(* Let $\nu>0$, $\tau>0$, $A>0$, $N\ge2$, and let $h^n$ ($n\ge0$) be generated by the MBE scheme $h^0=\Pi_Nh_0$, $\frac{h^{n+1}-h^n}{\tau}=-\nu\Delta^2h^{n+1}+A\Delta(h^{n+1}-h^n)+\Pi_N\nabla\cdot(g(\nabla h^n))$ with $h_0$ of mean zero. Then for every $n\ge0$, with $E_n=E(h^n)$, $$E_{n+1}-E_n+\Big(A+\frac12+\sqrt{\frac{2\nu}\tau}\Big)\|\nabla(h^{n+1}-h^n)\|_2^2\le\|\nabla(h^{n+1}-h^n)\|_2^2\cdot\frac32\max\{\|\nabla h^n\|_\infty^2,\|\nabla h^{n+1}\|_\infty^2\}.$$
   Context: $\mathbb T^2=\mathbb R^2/2\pi\mathbb Z^2$; $g(z)=(|z|^2-1)z$, $G(z)=\frac14(|z|^2-1)^2$; $E(h)=\frac\nu2\|\Delta h\|_2^2+\int_{\mathbb T^2}G(\nabla h)dx$; $\Pi_N$ is the $L^2$-orthogonal projection onto $X_N=\operatorname{span}\{\cos(k\cdot x),\sin(k\cdot x):|k|\le N\}$. *)

From Stdlib Require Import Reals Lra ZArith List ClassicalEpsilon.
Open Scope R_scope.

(* Functions on T^2 = R^2 / 2piZ^2 are represented as 2pi-periodic maps R -> R -> R. *)
Definition fn2 := R -> R -> R.

Definition periodic2 (f : fn2) : Prop :=
  forall x y, f (x + 2 * PI) y = f x y /\ f x (y + 2 * PI) = f x y.

Definition cont2 (f : fn2) : Prop :=
  forall x y eps, 0 < eps -> exists d, 0 < d /\
    forall x' y', Rabs (x' - x) < d -> Rabs (y' - y) < d ->
      Rabs (f x' y' - f x y) < eps.

(* One-dimensional Riemann integral (Stdlib), independent of the proof term. *)
Definition Int1 (f : R -> R) (a b : R) : R :=
  epsilon (inhabits 0) (fun l => exists pr : Riemann_integrable f a b, RiemannInt pr = l).

Definition Int2 (f : fn2) : R :=
  Int1 (fun x => Int1 (fun y => f x y) 0 (2 * PI)) 0 (2 * PI).

Definition pd1 (f : fn2) : fn2 := fun x y =>
  epsilon (inhabits 0) (fun l => derivable_pt_lim (fun t => f t y) x l).
Definition pd2 (f : fn2) : fn2 := fun x y =>
  epsilon (inhabits 0) (fun l => derivable_pt_lim (fun t => f x t) y l).

Definition lap (f : fn2) : fn2 := fun x y => pd1 (pd1 f) x y + pd2 (pd2 f) x y.

Definition sub2 (f g : fn2) : fn2 := fun x y => f x y - g x y.

Definition gradsq (f : fn2) : fn2 := fun x y => (pd1 f x y)^2 + (pd2 f x y)^2.

(* g(z) = (|z|^2-1) z,  G(z) = 1/4 (|z|^2-1)^2 *)
Definition G_of_grad (f : fn2) : fn2 := fun x y => / 4 * (gradsq f x y - 1)^2.

Definition div_g_grad (f : fn2) : fn2 := fun x y =>
  pd1 (fun a b => (gradsq f a b - 1) * pd1 f a b) x y
  + pd2 (fun a b => (gradsq f a b - 1) * pd2 f a b) x y.

Definition energy (nu : R) (h : fn2) : R :=
  nu / 2 * Int2 (fun x y => (lap h x y)^2) + Int2 (G_of_grad h).

Definition grad_L2sq (f : fn2) : R := Int2 (gradsq f).

Definition grad_Linf (f : fn2) : R :=
  epsilon (inhabits 0)
    (fun M => is_lub (fun r => exists x y, r = sqrt (gradsq f x y)) M).

(* X_N = span{cos(k.x), sin(k.x) : k in Z^2, |k| <= N} *)
Definition trig_term (t : Z * Z * R * R) : fn2 := fun x y =>
  let '(k1, k2, a, b) := t in
  a * cos (IZR k1 * x + IZR k2 * y) + b * sin (IZR k1 * x + IZR k2 * y).

Definition in_XN (N : nat) (h : fn2) : Prop :=
  exists l : list (Z * Z * R * R),
    Forall (fun t => let '(k1, k2, _, _) := t in
              (k1 * k1 + k2 * k2 <= Z.of_nat N * Z.of_nat N)%Z) l /\
    forall x y, h x y = fold_right (fun t acc => trig_term t x y + acc) 0 l.

Definition PiN (N : nat) (f : fn2) : fn2 :=
  epsilon (inhabits (fun _ _ => 0))
    (fun p => in_XN N p /\
       forall q, in_XN N q -> Int2 (fun x y => (f x y - p x y) * q x y) = 0).

(* Every iterate lies in the space of trigonometric polynomials, where partial
   derivatives and integrals over the torus are computed term by term.  There
   integration by parts and the symmetry of the Laplacian are exact identities,
   and Pi_N is truncation of the Fourier expansion.  Testing the scheme against
   d = h^{n+1} - h^n expresses the change of the quadratic part of the energy;
   the change of the nonlinear part is controlled by the pointwise inequality
   G(q) <= G(p) + g(p).(q - p) + (3M/2 - 1/2)|q - p|^2 for |p|^2, |q|^2 <= M,
   and the term sqrt(2 nu / tau) comes from AM-GM between |d|^2 / tau and
   nu/2 |Delta d|^2, since |grad d|^2 integrates to - <Delta d, d>. *)

From Stdlib Require Import Reals Lra Lia ZArith List ClassicalEpsilon FunctionalExtensionality.
From Coquelicot Require Import Coquelicot.
Open Scope R_scope.
Lemma expansive_opp_edge_eq0 v :
  expansive p v -> expansive p (fun i => (- (v i).1, - (v i).2)) ->
  forall i j, edge_val p v i j = 0.
Proof.
move=> /expansive_edge_ge0 hv /expansive_edge_ge0 hv' i j.
have := hv' i j; have -> : edge_val p (fun i => (- (v i).1, - (v i).2)) i j = - edge_val p v i j.
  by rewrite /edge_val /dot /psub /=; ring.
by rewrite oppr_ge0 => hle; apply/eqP; rewrite eq_le hle hv.
Qed.

Hypothesis p01_y : forall i j : 'I_n, val i = 0%N -> val j = 1%N -> (p i).2 != (p j).2.

Lemma normalized_rigid_eq0 v : normalized v ->
  (forall i j, edge_val p v i j = 0) -> forall i, v i = (0, 0).
Proof.
move=> hnv rig i.
have v0 : v i0 = (0, 0) by case: (hnv i0) => ->.
have v1 : v i1 = (0, 0).
  have := (hnv i1).2 erefl; have := rig i0 i1; have := p01_y (i := i0) (j := i1) erefl erefl.
  rewrite /edge_val /dot /psub v0 /=; case: (v i1) => a b /= hy e ha; rewrite ha in e *.
  move/eqP: e; rewrite !subrr !mulr0 !add0r mulrN oppr_eq0 mulf_eq0 subr_eq0 (negbTE hy).
  by move=> /eqP ->.
have [->|ni0] := eqVneq i i0; first exact: v0.
have [->|ni1] := eqVneq i i1; first exact: v1.
have hdet : det (psub (p i) (p i0)) (psub (p i) (p i1)) != 0.
  have := p_gp (k := i) (isT : i0 != i1); rewrite ![_ == i]eq_sym ni0 ni1 => /(_ isT isT).
  by apply: contra_neq => <-; rewrite /det /psub /=; ring.
have := rig i i0; have := rig i i1; rewrite /edge_val v0 v1 => e1 e0.
have := dot_eq0_det_neq0 e0 e1 hdet.
by case: (v i) => a b; rewrite /psub /= !subr0.
Qed.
####
### EXERCISE INSTRUCTIONS
Count every line in the data where the string "Stdlib" occurs. Give nothing except the number.

### RESPONSE AREA
3